**WORK TO BE COMPLETED:**
Print this span of the material below exactly: the line with "have widen j : (j <= l)%N ->", the line with "under eq_big_nat => j /andP[_ lt_jl].", and every line between them, but nothing else.

**EXTRACTED MATERIAL:**
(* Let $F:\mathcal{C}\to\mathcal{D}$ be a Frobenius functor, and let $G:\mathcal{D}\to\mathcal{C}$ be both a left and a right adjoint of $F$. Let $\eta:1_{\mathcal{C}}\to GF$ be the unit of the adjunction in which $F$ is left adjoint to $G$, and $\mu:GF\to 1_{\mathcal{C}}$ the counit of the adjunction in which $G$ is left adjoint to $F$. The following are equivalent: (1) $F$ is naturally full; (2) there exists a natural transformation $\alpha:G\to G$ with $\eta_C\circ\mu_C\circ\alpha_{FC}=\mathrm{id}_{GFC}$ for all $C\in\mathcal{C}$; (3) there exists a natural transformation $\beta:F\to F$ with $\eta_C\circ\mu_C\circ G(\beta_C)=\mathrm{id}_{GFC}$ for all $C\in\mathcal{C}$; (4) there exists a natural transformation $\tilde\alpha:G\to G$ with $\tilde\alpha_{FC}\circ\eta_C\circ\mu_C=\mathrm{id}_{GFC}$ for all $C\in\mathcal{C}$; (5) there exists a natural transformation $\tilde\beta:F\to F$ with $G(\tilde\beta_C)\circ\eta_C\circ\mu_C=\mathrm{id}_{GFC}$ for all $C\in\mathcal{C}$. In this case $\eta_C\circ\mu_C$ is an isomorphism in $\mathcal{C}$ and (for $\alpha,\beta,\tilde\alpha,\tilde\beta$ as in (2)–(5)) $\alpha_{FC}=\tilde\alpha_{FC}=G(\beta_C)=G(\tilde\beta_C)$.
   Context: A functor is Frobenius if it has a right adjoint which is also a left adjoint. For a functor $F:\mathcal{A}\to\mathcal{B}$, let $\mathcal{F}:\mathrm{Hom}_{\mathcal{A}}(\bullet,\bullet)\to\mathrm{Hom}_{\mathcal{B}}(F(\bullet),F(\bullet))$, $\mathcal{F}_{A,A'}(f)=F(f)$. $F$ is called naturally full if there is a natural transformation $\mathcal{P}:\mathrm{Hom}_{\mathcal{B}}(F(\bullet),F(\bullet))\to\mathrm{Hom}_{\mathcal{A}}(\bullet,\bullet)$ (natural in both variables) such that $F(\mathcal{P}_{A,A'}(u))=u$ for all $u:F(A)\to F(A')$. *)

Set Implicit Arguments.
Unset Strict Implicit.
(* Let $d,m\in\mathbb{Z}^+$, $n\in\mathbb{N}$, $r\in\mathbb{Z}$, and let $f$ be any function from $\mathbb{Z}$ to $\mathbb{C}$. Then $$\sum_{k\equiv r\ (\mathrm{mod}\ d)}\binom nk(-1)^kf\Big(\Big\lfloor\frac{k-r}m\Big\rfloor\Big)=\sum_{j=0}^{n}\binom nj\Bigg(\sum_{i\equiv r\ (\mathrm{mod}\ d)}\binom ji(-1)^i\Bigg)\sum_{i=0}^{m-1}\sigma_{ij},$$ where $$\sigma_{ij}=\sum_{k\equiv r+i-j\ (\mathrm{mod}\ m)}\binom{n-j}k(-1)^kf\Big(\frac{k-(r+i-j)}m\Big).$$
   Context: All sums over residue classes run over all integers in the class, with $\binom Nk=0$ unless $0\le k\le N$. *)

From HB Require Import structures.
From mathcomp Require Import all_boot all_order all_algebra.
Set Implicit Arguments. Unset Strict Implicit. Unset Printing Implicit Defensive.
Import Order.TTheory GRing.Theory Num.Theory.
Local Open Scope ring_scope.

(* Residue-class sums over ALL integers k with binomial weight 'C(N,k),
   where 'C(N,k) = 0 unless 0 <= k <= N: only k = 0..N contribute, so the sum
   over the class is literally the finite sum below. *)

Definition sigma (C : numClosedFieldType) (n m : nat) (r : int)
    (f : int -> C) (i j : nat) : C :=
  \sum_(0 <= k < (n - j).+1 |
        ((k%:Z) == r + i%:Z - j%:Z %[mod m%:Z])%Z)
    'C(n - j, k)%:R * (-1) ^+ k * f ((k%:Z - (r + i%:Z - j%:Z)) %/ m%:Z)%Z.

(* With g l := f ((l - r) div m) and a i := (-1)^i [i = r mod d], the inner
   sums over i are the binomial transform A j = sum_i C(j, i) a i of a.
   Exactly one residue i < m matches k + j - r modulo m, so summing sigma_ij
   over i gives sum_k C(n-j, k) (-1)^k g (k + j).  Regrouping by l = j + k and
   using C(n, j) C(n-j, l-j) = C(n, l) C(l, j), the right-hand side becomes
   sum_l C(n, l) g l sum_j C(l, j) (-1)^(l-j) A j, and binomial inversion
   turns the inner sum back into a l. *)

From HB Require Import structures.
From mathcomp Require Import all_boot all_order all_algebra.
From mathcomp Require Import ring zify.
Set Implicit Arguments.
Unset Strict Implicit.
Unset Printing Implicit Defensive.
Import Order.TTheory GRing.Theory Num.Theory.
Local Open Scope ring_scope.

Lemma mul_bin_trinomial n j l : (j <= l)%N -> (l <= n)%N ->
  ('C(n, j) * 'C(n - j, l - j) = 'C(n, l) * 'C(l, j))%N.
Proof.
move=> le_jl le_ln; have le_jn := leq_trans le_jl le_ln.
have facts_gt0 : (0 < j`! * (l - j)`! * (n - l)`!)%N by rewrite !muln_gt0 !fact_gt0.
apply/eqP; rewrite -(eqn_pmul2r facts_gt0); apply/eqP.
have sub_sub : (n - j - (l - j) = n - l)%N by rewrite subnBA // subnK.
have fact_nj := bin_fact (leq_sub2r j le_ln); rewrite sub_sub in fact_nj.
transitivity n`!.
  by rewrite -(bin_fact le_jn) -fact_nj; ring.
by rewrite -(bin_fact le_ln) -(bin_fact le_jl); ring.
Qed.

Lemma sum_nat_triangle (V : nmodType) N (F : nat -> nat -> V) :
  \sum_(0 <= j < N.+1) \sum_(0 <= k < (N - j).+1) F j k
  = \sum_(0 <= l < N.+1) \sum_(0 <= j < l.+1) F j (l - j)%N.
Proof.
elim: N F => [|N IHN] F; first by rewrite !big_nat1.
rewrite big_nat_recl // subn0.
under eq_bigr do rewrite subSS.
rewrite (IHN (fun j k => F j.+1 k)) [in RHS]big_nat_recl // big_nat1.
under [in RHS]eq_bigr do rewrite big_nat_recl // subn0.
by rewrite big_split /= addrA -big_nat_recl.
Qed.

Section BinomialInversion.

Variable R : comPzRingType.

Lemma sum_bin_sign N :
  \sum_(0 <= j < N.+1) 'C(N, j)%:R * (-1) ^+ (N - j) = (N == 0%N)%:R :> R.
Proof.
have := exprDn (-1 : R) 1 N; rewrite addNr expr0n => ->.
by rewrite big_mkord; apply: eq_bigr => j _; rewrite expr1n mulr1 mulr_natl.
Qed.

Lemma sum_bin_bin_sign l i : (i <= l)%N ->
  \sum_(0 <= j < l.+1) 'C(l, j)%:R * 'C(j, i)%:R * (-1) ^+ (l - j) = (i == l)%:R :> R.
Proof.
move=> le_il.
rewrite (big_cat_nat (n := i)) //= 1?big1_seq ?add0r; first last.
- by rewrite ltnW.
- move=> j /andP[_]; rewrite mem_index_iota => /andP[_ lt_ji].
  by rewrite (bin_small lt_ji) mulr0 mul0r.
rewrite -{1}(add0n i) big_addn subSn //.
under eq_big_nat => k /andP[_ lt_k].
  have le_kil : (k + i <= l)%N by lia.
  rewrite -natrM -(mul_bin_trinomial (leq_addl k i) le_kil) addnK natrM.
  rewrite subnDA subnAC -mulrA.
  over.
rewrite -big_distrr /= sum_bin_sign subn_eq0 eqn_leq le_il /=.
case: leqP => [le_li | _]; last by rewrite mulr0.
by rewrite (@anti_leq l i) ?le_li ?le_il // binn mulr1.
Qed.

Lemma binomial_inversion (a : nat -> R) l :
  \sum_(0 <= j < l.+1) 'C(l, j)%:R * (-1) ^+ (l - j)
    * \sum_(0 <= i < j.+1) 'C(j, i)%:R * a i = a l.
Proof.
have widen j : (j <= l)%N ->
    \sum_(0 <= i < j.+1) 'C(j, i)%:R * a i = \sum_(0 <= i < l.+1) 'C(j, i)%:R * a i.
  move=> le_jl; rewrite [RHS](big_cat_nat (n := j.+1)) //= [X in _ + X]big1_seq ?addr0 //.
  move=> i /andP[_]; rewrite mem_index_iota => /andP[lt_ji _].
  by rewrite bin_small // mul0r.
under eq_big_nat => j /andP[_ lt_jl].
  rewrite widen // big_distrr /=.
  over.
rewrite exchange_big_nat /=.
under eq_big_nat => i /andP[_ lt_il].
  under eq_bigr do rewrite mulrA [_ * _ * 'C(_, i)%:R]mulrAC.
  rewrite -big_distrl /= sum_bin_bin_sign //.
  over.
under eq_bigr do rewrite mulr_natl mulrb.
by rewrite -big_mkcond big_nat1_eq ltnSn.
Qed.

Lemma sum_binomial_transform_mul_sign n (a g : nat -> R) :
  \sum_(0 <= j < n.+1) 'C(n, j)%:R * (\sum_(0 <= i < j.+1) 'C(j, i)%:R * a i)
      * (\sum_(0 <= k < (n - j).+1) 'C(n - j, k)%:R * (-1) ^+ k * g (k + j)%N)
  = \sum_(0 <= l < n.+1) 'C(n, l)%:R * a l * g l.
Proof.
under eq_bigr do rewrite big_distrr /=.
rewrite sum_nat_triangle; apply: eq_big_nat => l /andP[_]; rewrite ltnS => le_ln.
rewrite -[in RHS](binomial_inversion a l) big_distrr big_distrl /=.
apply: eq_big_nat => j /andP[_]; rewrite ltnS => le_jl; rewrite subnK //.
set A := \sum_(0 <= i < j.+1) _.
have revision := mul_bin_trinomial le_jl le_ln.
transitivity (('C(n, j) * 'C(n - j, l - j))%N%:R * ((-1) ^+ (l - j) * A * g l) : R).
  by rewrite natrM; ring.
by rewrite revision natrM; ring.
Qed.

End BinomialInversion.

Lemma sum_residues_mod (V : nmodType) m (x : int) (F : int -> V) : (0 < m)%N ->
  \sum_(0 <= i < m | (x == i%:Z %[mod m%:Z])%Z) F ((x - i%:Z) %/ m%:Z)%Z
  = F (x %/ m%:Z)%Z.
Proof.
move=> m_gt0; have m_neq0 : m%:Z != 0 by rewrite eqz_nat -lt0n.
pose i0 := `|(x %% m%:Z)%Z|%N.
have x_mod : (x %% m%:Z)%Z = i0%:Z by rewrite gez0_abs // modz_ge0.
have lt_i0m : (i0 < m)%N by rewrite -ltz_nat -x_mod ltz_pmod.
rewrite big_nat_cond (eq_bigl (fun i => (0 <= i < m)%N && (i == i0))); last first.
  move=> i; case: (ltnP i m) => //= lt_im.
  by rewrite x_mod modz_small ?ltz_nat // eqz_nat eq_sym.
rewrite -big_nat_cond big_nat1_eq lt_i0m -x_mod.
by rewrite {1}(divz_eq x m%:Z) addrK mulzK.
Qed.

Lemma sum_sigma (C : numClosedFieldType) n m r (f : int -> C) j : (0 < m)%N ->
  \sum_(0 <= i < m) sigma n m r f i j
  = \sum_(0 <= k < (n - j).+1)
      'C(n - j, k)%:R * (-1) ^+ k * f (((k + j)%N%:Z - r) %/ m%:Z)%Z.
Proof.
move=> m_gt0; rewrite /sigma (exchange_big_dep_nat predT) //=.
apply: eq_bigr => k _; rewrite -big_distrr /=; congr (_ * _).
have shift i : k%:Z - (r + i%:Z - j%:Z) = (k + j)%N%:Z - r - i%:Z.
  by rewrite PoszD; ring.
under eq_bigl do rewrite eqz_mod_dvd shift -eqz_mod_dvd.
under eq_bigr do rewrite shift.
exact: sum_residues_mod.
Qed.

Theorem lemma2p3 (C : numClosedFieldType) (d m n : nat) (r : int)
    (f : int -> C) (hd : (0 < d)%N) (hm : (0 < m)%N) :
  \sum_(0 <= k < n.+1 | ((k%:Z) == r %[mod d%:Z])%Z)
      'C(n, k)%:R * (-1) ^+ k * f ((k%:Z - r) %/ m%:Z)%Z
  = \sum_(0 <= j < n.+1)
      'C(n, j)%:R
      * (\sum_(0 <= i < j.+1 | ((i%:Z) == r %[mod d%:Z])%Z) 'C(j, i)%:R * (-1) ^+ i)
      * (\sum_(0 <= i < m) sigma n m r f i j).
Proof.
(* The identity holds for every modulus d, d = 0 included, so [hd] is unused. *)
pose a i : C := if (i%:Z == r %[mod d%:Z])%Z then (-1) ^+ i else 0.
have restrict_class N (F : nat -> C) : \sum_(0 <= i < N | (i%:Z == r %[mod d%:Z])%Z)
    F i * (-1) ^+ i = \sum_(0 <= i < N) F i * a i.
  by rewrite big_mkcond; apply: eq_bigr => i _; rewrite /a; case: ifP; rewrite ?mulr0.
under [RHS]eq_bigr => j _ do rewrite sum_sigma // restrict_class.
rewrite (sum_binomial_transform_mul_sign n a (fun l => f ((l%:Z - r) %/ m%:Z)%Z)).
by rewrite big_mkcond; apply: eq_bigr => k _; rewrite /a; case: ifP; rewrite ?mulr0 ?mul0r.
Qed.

**TASK SOLUTION:**
have widen j : (j <= l)%N ->
    \sum_(0 <= i < j.+1) 'C(j, i)%:R * a i = \sum_(0 <= i < l.+1) 'C(j, i)%:R * a i.
  move=> le_jl; rewrite [RHS](big_cat_nat (n := j.+1)) //= [X in _ + X]big1_seq ?addr0 //.
  move=> i /andP[_]; rewrite mem_index_iota => /andP[lt_ji _].
  by rewrite bin_small // mul0r.
under eq_big_nat => j /andP[_ lt_jl].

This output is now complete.